The correlation between AAP-AAF (Rietveld et al, 2014) and IQ is negative: r=-0.472. The correlation between AAP-AAF (Rietveld et al, 2013) and IQ is positive: r= 0.742.

Conclusions

Controlling for different population DAFs does not substantially alter the overall pattern, although there is a slight reduction in fit (r x population IQ drops from 0.79 to 0.68), which we do not know if it is just a fluke. The far from perfect correlation with population IQ is due to the top place occupied by Europeans instead of East Asians and a tendency for Latin Americans and South Asians (Indians, Bangladeshi) to score as low as sub-Saharan Africans. We also notice that ancestral positive alleles do not have as strong a correlation to population IQ (r= -0.472 and 0.742) as derived positive alleles (table 4). This is expected on evolutionary grounds, as selection on intelligence should have acted on human-specific mutations rather than on ancestral variants shared with non-human primates.

References:

Ensembl, 2015: http://www.1000genomes.org/faq/where-does-ancestral-allele-information-your-variants-come

Davies, G., Armstrong, N., Bis, J. C., et al. (2015). Genetic contributions to variation in general cognitive function: a meta-analysis of genome-wide association studies in the CHARGE consortium (N=53949).

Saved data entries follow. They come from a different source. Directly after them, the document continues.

Lemma E10_of_4123 : [|| a12 != 0, a13 != 0 | a14 != 0] -> E o1 o0 \in H.
Proof.
case/or3P => nz.
- by apply: (hess_delta_of_entry hH hess4123_s1) => //; entry_neq0 s1 (- a12).
- by apply: (hess_delta_of_entry hH hess4123_s21) => //; entry_neq0 s21 (- a13).
- by apply: (hess_delta_of_entry hH hess4123_s321) => //; entry_neq0 s321 (- a14).
Qed.

Lemma hess4123_diag : [/\ diag4 a11 a22 a33 a44 \in H, diag4 a33 a11 a22 a44 \in H,
  (a22 - a11) *: (E o0 o0 - E o1 o1) \in H, (a33 - a22) *: (E o1 o1 - E o2 o2) \in H &
  (a44 - a33) *: (E o2 o2 - E o3 o3) \in H].
Proof.
have dX : diag4 a11 a22 a33 a44 \in H.
  by have := hess_diag_component hH hess4123_X; rewrite diag_mx4 !mx4E.
have d1 : diag4 a22 a11 a33 a44 \in H by diag_of hH hess4123_s1 s1.
have d2 : diag4 a11 a33 a22 a44 \in H by diag_of hH hess4123_s2 s2.
have d3 : diag4 a11 a22 a44 a33 \in H by diag_of hH hess4123_s3 s3.
split=> //; first by diag_of hH hess4123_s21 s21.
- by rewrite (_ : _ *: _ = diag4 a22 a11 a33 a44 - diag4 a11 a22 a33 a44) ?rpredB //;
    rewrite !delta_mx4 /=; mx4_ring.
- by rewrite (_ : _ *: _ = diag4 a11 a33 a22 a44 - diag4 a11 a22 a33 a44) ?rpredB //;
    rewrite !delta_mx4 /=; mx4_ring.
- by rewrite (_ : _ *: _ = diag4 a11 a22 a44 a33 - diag4 a11 a22 a33 a44) ?rpredB //;
    rewrite !delta_mx4 /=; mx4_ring.
Qed.

Lemma hess4123_diag_key :
  (a44 - a22) *: (E o2 o2 - E o3 o3) \in H \/ [/\ a33 = 0, a44 = 0 & a22 != 0].
Proof.
have [dX dY k01 k12 k23] := hess4123_diag.
have [e34|n34] := eqVneq a33 a44; last first.
  by left; apply/rpredZ/(memvZ_cancel _ k23); rewrite subr_eq0 eq_sym.
have [e24|n24] := eqVneq a22 a44; first by left; rewrite e24 subrr scale0r rpred0.
have d12 : E o1 o1 - E o2 o2 \in H.
  by apply: (memvZ_cancel _ k12); rewrite subr_eq0 e34 eq_sym.
have [z44|nz44] := eqVneq a44 0; first by right; rewrite e34 z44; rewrite z44 in n24.
left; apply: rpredZ.
have [e01|n01] := eqVneq a11 a22.
  have e22 : a22 = - a44.
    have /eqP : 2 * (a22 + a44) = 0 by rewrite -trX e01 e34; ring.
    by rewrite mulf_eq0 (negPf two_neq0) addr_eq0 => /eqP.
  apply: (memvZ_cancel (c := 2 * a44)); first by rewrite mulf_neq0 ?two_neq0.
  rewrite (_ : _ *: _ = - (diag4 a33 a11 a22 a44 + diag4 a11 a22 a33 a44)
                        - (2 * a44) *: (E o1 o1 - E o2 o2)) ?rpredB ?rpredN ?rpredD ?rpredZ //.
  by rewrite e01 e34 e22 !delta_mx4 /=; mx4_ring.
have d01 : E o0 o0 - E o1 o1 \in H by apply: (memvZ_cancel _ k01); rewrite subr_eq0 eq_sym.
apply: (memvZ_cancel nz44).
rewrite (_ : _ *: _ = a11 *: (E o0 o0 - E o1 o1) + (a11 + a22) *: (E o1 o1 - E o2 o2)
                      - diag4 a11 a22 a33 a44) ?rpredB ?rpredD ?rpredZ //.
have e11 : a11 = - (a22 + 2 * a44) by rewrite -[RHS]addr0 -trX e34; ring.
by rewrite e34 e11 !delta_mx4 /=; mx4_ring.
Qed.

Henn, B.M., Botigué, L.R., Peischl, S., Dupanloup,I.,  Lipatov,M., Maples,B.K., Martin, A.R., Musharoff, S., Cann, H., Snyder,M.P., Excoffier, L., Kidd, J.M.,  Bustamante, C.D. (2015). Distance from sub-Saharan Africa predicts mutational load in diverse human genomes. PNAS ; published ahead of print December 28, 2015, doi:10.1073/pnas.1510805112

Rietveld, C.A., Medland, S.E., Derringer, J., Yang, J., Esko, T., Martin, N.W., et al. (2013). GWAS of 126,559 individuals identifies genetic variants associated with educational attainment. Science, 340, 1467-1471. doi: http://doi.org/10.1126/science.1235488

Rietveld, C.A., Esko, T., Davies, G., Pers, T.H., Turley, P., Benyamin, B., et al. (2014). Common genetic variants associated with cognitive performance identified using the proxy-phenotype method. Proceedings of the National Academy of Sciences, USA, 111, 13790-13794. doi:10.1073/pnas.1404623111

Wood AR, Esko T, Yang J,et al.: Defining the role of common variation in the genomic and biological architecture of adult human height. Nat Genet. 2014; 46(11): 1173–86.